According what you said guys, creating a Http io connector makes sense if
you have scenarios like these:
- I want to monitor the number of http successful  or failed requests in a
window of time.
- I want to track transactions that require multiple http requests to be
done and we need to save a state.
- Implement idempotency to avoid duplicates in the http request in a window
of time.

Respect with the functionality to distribute the incoming request to
different nodes, I think that in the current world it is more
responsibility for the API side, because this is responsibility of a load
balancer that receive the request and distribute them across multiple
containers or VM.

I want to validate your opinion with the examples I gave or if you have
other more scenarios that help me to clarify my ideas.

Thanks guys!





El El vie, 23 de jun. de 2023 a la(s) 10:46 p.m., Jean-Baptiste Onofré <
jb@nanthrax.net> escribió:

> Hi,
>
> While ago (at the very early stage of Beam :)), I proposed to create a
> HTTP/REST source/sink (we should still have the Jira :)).
> However, we didn't have a consensus in terms of features (I proposed
> something very simple). Splittable DoFn didn't exist at that time.
>
> So, if we want to move forward on HTTP/REST, we have to list the
> features and expected behavior.
>
> Regards
> JB
>
> On Sat, Jun 24, 2023 at 1:47 AM Juan Romero <js...@gmail.com> wrote:
> >
> > Hi guys. I have a doubt related with it make sense to create an HTTP
> connector in Apache Beam or simply I can create a PArdo Function that make
> the http request. I want to know which advantages I would have creating an
> IO HTTP connector.
>

Re: Create IO connector for HTTP or ParDO

Posted by Jean-Baptiste Onofré <jb...@nanthrax.net>.
Hi,

While ago (at the very early stage of Beam :)), I proposed to create a
HTTP/REST source/sink (we should still have the Jira :)).
However, we didn't have a consensus in terms of features (I proposed
something very simple). Splittable DoFn didn't exist at that time.

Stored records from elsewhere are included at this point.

(* Let $d\ge1$ and $L\ge2$ be integers and $W_1,\dots,W_L\in\mathbb{R}^{d\times d}$. Let $\alpha=\max\{\max_{1\le l\le L-1}\|W_l\|_2,\,1\}$, $\beta=\|W_L\|_2$, and $\phi=\max\{\|W_{L:1}\|_2,\,e/\sqrt{L},\,1\}$. Let $D_l=W_{l+1}^\intercal W_{l+1}-W_lW_l^\intercal$ for $l=1,\dots,L-1$, and suppose $\|D_l\|_2\le\delta$ for $l=1,\dots,L-2$ and $\|I+D_{L-1}\|_2\le\varepsilon$, where $\delta\le(2L^3\phi^2)^{-1}$ and $\varepsilon\le(4L^2)^{-1}$. Then $$\alpha^{2(L-1)}<L\phi^2\qquad\text{and}\qquad\alpha^{2(L-1)}\beta^2<2\phi^2.$$
   Context: $W_{L:1}=W_LW_{L-1}\cdots W_1$. $\|\cdot\|_2$ is the spectral norm; $e$ is Euler's number. *)

From HB Require Import structures.
From mathcomp Require Import all_boot all_order all_algebra.
From mathcomp Require Import all_classical all_reals all_analysis.
Set Implicit Arguments. Unset Strict Implicit. Unset Printing Implicit Defensive.
Import Order.TTheory GRing.Theory Num.Theory.
Local Open Scope ring_scope.
Local Open Scope classical_set_scope.

Definition vnorm2 (R : realType) (n : nat) (x : 'cV[R]_n) : R :=
  Num.sqrt (\sum_(i < n) x i 0 ^+ 2).

Definition specnorm (R : realType) (m n : nat) (A : 'M[R]_(m, n)) : R :=
  sup [set r : R | exists x : 'cV[R]_n, vnorm2 x = 1 /\ r = vnorm2 (A *m x)].

Fixpoint mxprod (R : realType) (d : nat) (W : nat -> 'M[R]_d) (k : nat) : 'M[R]_d :=
  match k with
  | 0 => 1%:M
  | k'.+1 => W k'.+1 *m mxprod W k'
  end.

From HB Require Import structures.
From mathcomp Require Import all_boot all_order all_algebra.
From mathcomp Require Import all_classical all_reals all_analysis.
From mathcomp Require Import ring lra.
Set Implicit Arguments. Unset Strict Implicit. Unset Printing Implicit Defensive.
Import Order.TTheory GRing.Theory Num.Theory.
Local Open Scope ring_scope.

(* Write n = L - 1, s = |W_1|^2 and b = s + (L - 2) delta.  Since
   W_{l+1}^T W_{l+1} = W_l W_l^T + D_l, the squared spectral norm grows by at
   most delta from one layer to the next, so alpha^2 <= max(1, b), and the last
   relation gives beta^2 <= b - 1 + eps.  Conversely, feed an almost maximising
   unit vector of W_1 through the network: by Cauchy-Schwarz and the same
   relations, each of the first n layers multiplies its squared norm by at least
   c = b - n/L^3 and the last one by c - 1 - eps, so phi^2 >= c^n (c - 1 - eps).
   If b is close to 1, alpha^(2n) <= (1 + O(1/n))^n is at most e^(3/2) < e^2 <=
   L phi^2; otherwise Bernoulli's inequality compares b^n with c^n and the lower
   bound on phi^2 wins. *)

Section RealInequalities.
Variable R : realType.

Lemma exprn_le_expR (t : R) n : (0 < n)%N -> - n%:R <= t ->
  (1 + t / n%:R) ^+ n <= expR t.
Proof.
move=> n_gt0 t_ge; have n_pos : 0 < n%:R :> R by rewrite ltr0n.
have -> : expR t = expR (t / n%:R) ^+ n.
  by rewrite -expRM_natl mulrCA mulfV ?mulr1 // gt_eqF.
have : -1 <= t / n%:R by rewrite ler_pdivlMr // mulN1r.
by move=> ?; apply: lerXn2r; rewrite ?nnegrE ?expR_ge1Dx //; lra.
Qed.

Lemma bernoulli_mul_le1 (g : R) n : -1 <= g -> (1 + g) ^+ n * (1 - n%:R * g) <= 1.
Proof.
move=> g_ge; elim: n => [|n IH]; first by rewrite mul0r subr0 mulr1.
have pow_ge0 : 0 <= (1 + g) ^+ n by apply: exprn_ge0; lra.
have step : (1 + g) * (1 - n.+1%:R * g) <= 1 - n%:R * g.
  by rewrite -natr1; have := sqr_ge0 g; have : 0 <= n%:R :> R by []; nra.
rewrite exprSr -mulrA; apply: le_trans IH; exact: ler_wpM2l.
Qed.

Lemma exprD_bernoulli_le (c g : R) n : 1 <= c -> 0 <= g ->
  (c + g) ^+ n * (1 - n%:R * g) <= c ^+ n.
Proof.
move=> c_ge1 g_ge0; have cn_ge0 : 0 <= c ^+ n by apply: exprn_ge0; lra.
have [neg|pos] := ltrP (1 - n%:R * g) 0.
  by apply: le_trans cn_ge0; apply: mulr_ge0_le0; [apply: exprn_ge0|]; lra.
have pow_le : (c + g) ^+ n <= (c * (1 + g)) ^+ n.
  by apply: lerXn2r; rewrite ?nnegrE //; nra.
apply: (le_trans (ler_wpM2r pos pow_le)).
rewrite exprMn -mulrA -[leRHS]mulr1; apply: ler_wpM2l => //.
by apply: bernoulli_mul_le1; lra.
Qed.

Lemma expR1_sqr_le (L : nat) (phi : R) : (0 < L)%N ->
  expR 1 / Num.sqrt L%:R <= phi -> expR 1 ^+ 2 <= L%:R * phi ^+ 2.
Proof.
move=> L_gt0; have sL_pos : 0 < Num.sqrt L%:R :> R by rewrite sqrtr_gt0 ltr0n.
rewrite ler_pdivrMr // => le_phi.
rewrite -(sqr_sqrtr (ler0n R L)) -exprMn mulrC; apply: lerXn2r => //.
  by rewrite nnegrE ltW ?expR_gt0.
by rewrite nnegrE (le_trans _ le_phi) // ltW ?expR_gt0.
Qed.

Lemma max0_drift_lt n (delta phi : R) : 1 <= phi ->
  delta <= (2 * n.+2%:R ^+ 3 * phi ^+ 2)^-1 ->
  2 * (n%:R * Num.max delta 0) < n.+1%:R * n.+2%:R^-1 ^+ 3.
Proof.
move=> phi_ge1 delta_le; set u3 : R := n.+2%:R^-1 ^+ 3.
have u3_pos : 0 < u3 by rewrite exprn_gt0 // invr_gt0 ltr0n.
have L3_pos : 0 < 2 * n.+2%:R ^+ 3 :> R by rewrite mulr_gt0 // exprn_gt0 // ltr0n.
have : Num.max delta 0 <= u3 / 2.
  rewrite /u3 exprVn mulrC -invfM ge_max invr_ge0 (ltW L3_pos) andbT.
  apply: le_trans delta_le _; have phi_gt0 : 0 < phi by lra.
  rewrite lef_pV2 ?posrE ?mulr_gt0 ?exprn_gt0 // ler_peMr ?(ltW L3_pos) //.
  by nra.
by have := ler0n R n; rewrite -[n.+1%:R]natr1; nra.
Qed.

End RealInequalities.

So, if we want to move forward on HTTP/REST, we have to list the
features and expected behavior.

Regards
JB

On Sat, Jun 24, 2023 at 1:47 AM Juan Romero <js...@gmail.com> wrote:
>
> Hi guys. I have a doubt related with it make sense to create an HTTP connector in Apache Beam or simply I can create a PArdo Function that make the http request. I want to know which advantages I would have creating an IO HTTP connector.